На кордоне, кроме лесничего и нас, жили еще две большие семьи, беженцы из Крыма. Место было глухое, кругом лес, дорога до села кое-как накатанная, да две речки надо вброд переходить. Весной в период разлива жили как на острове. Речки хоть и мелкие, но бурливые.
У детей на кордоне образование обычно заканчивалось после четвертого или пятого класса. В школу начинали ходить тогда с восьми лет, а в двенадцать-тринадцать и мальчишки, и девки уже вовсю трудились по хозяйству. Отец хотел, чтобы мы получили образование. Провожал нас, переправлял на лодке. В результате я и сестра Таня закончили по шесть классов. Неплохо для такого глухого места.
Года два я помогал отцу, пас скотину, работал на сенокосе. Затем меня приметил бригадир лесорубов. В шестнадцать лет я был рослым и физически крепким. Предложил пойти работать на лесозаготовки. Предприятие (или артель) считалось государственным, мне срочно выписали паспорт, и я стал трудиться наравне со взрослыми мужиками.
Хвалиться не буду, но я всегда брал пример с отца. Не пил, старался работать на совесть и вскоре стал числиться в передовиках. Начальник лесоучастка помог закончить мне заочно седьмой класс и обещал дать направление в техникум.
В то же время я не хочу приукрашивать нашу жизнь. Очень не сладко порой приходилось. Умерла от сильной простуды младшая сестренка. Надеялись вылечить домашними средствами: горячим молоком с медом, дышать горячим паром над картошкой. Когда поняли, что дело плохо, кинулись за фельдшером. Пока перебрались по весеннему тонкому льду да уговорили фельдшера прийти к нам, сестренка умерла.
Старший брат Антон, которого отец очень любил, вдруг заявил, что нашел невесту, хочет жениться и переехать в село. Все можно было решить по-мирному, но Антон хорошо выпил, заявил, что больше не хочет жить в лесу, как бирюк.
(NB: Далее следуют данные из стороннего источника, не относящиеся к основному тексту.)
Definition adj (n : Z) (u w : vertex) : Prop :=
  is_vertex n u /\ is_vertex n w /\
  ((fst u = fst w /\ adjC n (snd u) (snd w)) \/
   (snd u = snd w /\ adjP (fst u) (fst w))).

Inductive walk (n : Z) : vertex -> vertex -> nat -> Prop :=
| walk_nil : forall u, is_vertex n u -> walk n u u 0
| walk_cons : forall u w v k, adj n u w -> walk n w v k -> walk n u v (S k).

Definition dist (n : Z) (u v : vertex) (d : nat) : Prop :=
  walk n u v d /\ (forall m, walk n u v m -> (d <= m)%nat).

Definition resolves (n : Z) (x u v : vertex) : Prop :=
  exists du dv, dist n u x du /\ dist n v x dv /\ du <> dv.

Definition resolving_set (n : Z) (W : vertex -> Prop) : Prop :=
  (forall x, W x -> is_vertex n x) /\
  (forall u v, is_vertex n u -> is_vertex n v -> u <> v ->
     exists x, W x /\ resolves n x u v).

(* beta(P_{2oo} [] C_n) = k : there is a resolving set of cardinality k, and every
   finite resolving set has cardinality >= k (infinite ones trivially do). *)
Definition metric_dim (n : Z) (k : nat) : Prop :=
  (exists l : list vertex, NoDup l /\ length l = k /\ resolving_set n (fun x => In x l)) /\
  (forall l : list vertex, NoDup l -> resolving_set n (fun x => In x l) -> (k <= length l)%nat).

Definition metric_basis (n : Z) (l : list vertex) : Prop :=
  NoDup l /\ resolving_set n (fun x => In x l) /\ metric_dim n (length l).

From Stdlib Require Import ZArith List Lia Classical.
Import ListNotations.
Open Scope Z_scope.

(* 1. The graph distance between (a,i) and (b,j) is |a - b| + d_C(i,j), where d_C is the
      cycle distance ([dist_grid_dist], [dist_value]); hence a landmark resolves two
      vertices iff their grid distances to it differ ([resolves_iff]).
   2. A list of landmarks is [confused] if two distinct vertices have the same distances
      to all of them.  If every list of k landmarks is confused, every resolving set has
      more than k elements ([resolving_length_gt]).
   3. Confusing pairs: two vertices mirrored in a column ([column_confused]); oblique
      pairs {(a,e),(a+1,e+1)} whose column and row displacements cancel against each
      landmark ([separated_confused]), which exist whenever the signs of the row edge
      e -> e+1 seen from the landmarks change at most once along the columns
      ([threshold2], [threshold3]); and, for even n, pairs reflected in a row or along a
      diagonal ([row_reflection_confused], [diagonal_confused]).
   4. For odd n any two landmarks are confused ([odd_confused]); for even n any three are
      ([even_confused]).  This gives the lower bounds 3 and 4.
   5. The given lists resolve, because the distances to them determine row and column
      ([odd_basis_resolving], [even_basis_resolving]); the theorem follows. *)

Definition cycle_dist (n i j : Z) : Z := Z.min (Z.abs (i - j)) (n - Z.abs (i - j)).

Definition grid_dist (n : Z) (u v : vertex) : Z :=
  Z.abs (fst u - fst v) + cycle_dist n (snd u) (snd v).

Section Distances.

Variable n : Z.
Hypothesis hn : 3 <= n.

Lemma grid_dist_nonneg u v : is_vertex n u -> is_vertex n v -> 0 <= grid_dist n u v.
Proof.
  destruct u, v; unfold is_vertex, grid_dist, cycle_dist; cbn [fst snd]; lia.
Qed.

Lemma grid_dist_adj u w v : adj n u w -> is_vertex n v -> grid_dist n u v <= 1 + grid_dist n w v.
Proof.
  destruct u as [a i], w as [b j], v as [c k].
  unfold adj, is_vertex, adjC, adjP, grid_dist, cycle_dist; cbn [fst snd]; lia.
Qed.

Lemma walk_is_vertex u v k : walk n u v k -> is_vertex n u /\ is_vertex n v.
Proof.
  induction 1 as [u Hu|u w v k [Hu _] _ [_ Hv]]; auto.
Qed.

Lemma walk_length_ge u v k : walk n u v k -> grid_dist n u v <= Z.of_nat k.
Proof.
  induction 1 as [[a i] _|u w v k Huw Hwv IH].
  - unfold grid_dist, cycle_dist; cbn [fst snd]; lia.
  - pose proof (grid_dist_adj u w v Huw (proj2 (walk_is_vertex _ _ _ Hwv))); lia.
Qed.

Lemma walk_app u w v k1 k2 : walk n u w k1 -> walk n w v k2 -> walk n u v (k1 + k2).
Proof.
  induction 1; intros; simpl; auto. econstructor; eauto.
Qed.

Lemma cycle_step i j : 0 <= i < n -> 0 <= j < n -> i <> j ->
  exists i', adjC n i i' /\ cycle_dist n i' j = cycle_dist n i j - 1.
Proof.
  intros Hi Hj Hij. unfold adjC, cycle_dist.
  destruct (Z.lt_ge_cases i j), (Z.le_gt_cases (2 * Z.abs (j - i)) n).
  - exists (i + 1); lia.
  - destruct (Z.eq_dec i 0); [exists (n - 1)|exists (i - 1)]; lia.
  - exists (i - 1); lia.
  - destruct (Z.eq_dec i (n - 1)); [exists 0|exists (i + 1)]; lia.
Qed.

Lemma walk_in_row k : forall a b i, 0 <= i < n -> Z.abs (a - b) = Z.of_nat k ->
  walk n (a, i) (b, i) k.
Proof.
  induction k as [|k IH]; intros a b i Hi Hk.
  - replace b with a by lia. constructor. unfold is_vertex; simpl; lia.
  - set (a' := if Z_lt_ge_dec a b then a + 1 else a - 1).
    apply walk_cons with (w := (a', i)); unfold a' in *; destruct Z_lt_ge_dec.
    all: try (unfold adj, is_vertex, adjP; simpl; lia).
    all: apply IH; lia.
Qed.

Lemma walk_in_column k : forall a i j, 0 <= i < n -> 0 <= j < n ->
  cycle_dist n i j = Z.of_nat k -> walk n (a, i) (a, j) k.
Proof.
  induction k as [|k IH]; intros a i j Hi Hj Hk.
  - replace j with i by (unfold cycle_dist in Hk; lia).
    constructor. unfold is_vertex; simpl; lia.
  - destruct (Z.eq_dec i j) as [->|Hij]; [unfold cycle_dist in Hk; lia|].
    destruct (cycle_step i j Hi Hj Hij) as [i' [Hadj Hd]].
    apply walk_cons with (w := (a, i')).
    + pose proof Hadj as [_ [Hi' _]].
      unfold adj, is_vertex; simpl; split; [lia|split; [lia|left; auto]].
    + apply IH; unfold adjC in Hadj; lia.
Qed.

Lemma dist_grid_dist u v : is_vertex n u -> is_vertex n v ->
  dist n u v (Z.to_nat (grid_dist n u v)).
Proof.
  destruct u as [a i], v as [b j]; unfold is_vertex; simpl; intros Hu Hv.
  split.
  - replace (Z.to_nat (grid_dist n (a, i) (b, j)))
      with (Z.to_nat (Z.abs (a - b)) + Z.to_nat (cycle_dist n i j))%nat
      by (unfold grid_dist, cycle_dist; cbn [fst snd]; lia).
    apply walk_app with (w := (b, i)).
    + apply walk_in_row; lia.
    + apply walk_in_column; unfold cycle_dist; lia.
  - intros k Hk. apply walk_length_ge in Hk. lia.
Qed.

Lemma dist_value u v d : dist n u v d -> Z.of_nat d = grid_dist n u v.
Proof.
  intros [Hw Hmin].
  destruct (walk_is_vertex u v d Hw) as [Hu Hv].
  pose proof (walk_length_ge u v d Hw).
  pose proof (Hmin _ (proj1 (dist_grid_dist u v Hu Hv))).
  pose proof (grid_dist_nonneg u v Hu Hv).
  lia.
Qed.

Lemma resolves_iff x u v : is_vertex n x -> is_vertex n u -> is_vertex n v ->
  resolves n x u v <-> grid_dist n u x <> grid_dist n v x.
Proof.
  intros Hx Hu Hv; split.
  - intros (du & dv & Hdu & Hdv & Hne).
    apply dist_value in Hdu, Hdv. lia.
  - intros Hne. exists (Z.to_nat (grid_dist n u x)), (Z.to_nat (grid_dist n v x)).
    pose proof (grid_dist_nonneg u x Hu Hx). pose proof (grid_dist_nonneg v x Hv Hx).
    repeat split; try apply dist_grid_dist; auto; lia.
Qed.

End Distances.

Definition confused (n : Z) (W : list vertex) : Prop :=
  exists u v, is_vertex n u /\ is_vertex n v /\ u <> v /\
    forall w, In w W -> grid_dist n u w = grid_dist n v w.

Lemma confused_incl n W W' : incl W W' -> confused n W' -> confused n W.
Proof.
  intros Hincl (u & v & Hu & Hv & Huv & Heq).
  exists u, v. split; [|split; [|split]]; auto.
Qed.

Lemma confused_not_resolving n W : 3 <= n -> confused n W ->
  ~ resolving_set n (fun x => In x W).
Proof.
  intros hn (u & v & Hu & Hv & Huv & Heq) [HW Hres].
  destruct (Hres u v Hu Hv Huv) as [x [Hx Hr]].
  apply (resolves_iff n hn x u v (HW x Hx) Hu Hv) in Hr. auto.
Qed.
Нас, жителей кордона, действительно называли бирюками и поддразнивали.
Отец попросил подождать до зимы, но Антон, которого торопила невеста, твердил, что ему надо успеть до холодов привести в порядок дом. Отца крепко задело, что сын самовольно распоряжается семейным домом в селе, и они крепко поругались. Антон просто сбежал, прихватив лишь свою одежду.
Без Антона сразу стало пусто. Он был добродушный парень (лет на семь старше меня), хорошо пел, мы все любили его. Отец с матерью сходили в Гремячино, помирились с Антоном и познакомились со сватами. Сыграли свадьбу. Там я первый раз целовался с девушкой, даже ходил пару раз на свидание.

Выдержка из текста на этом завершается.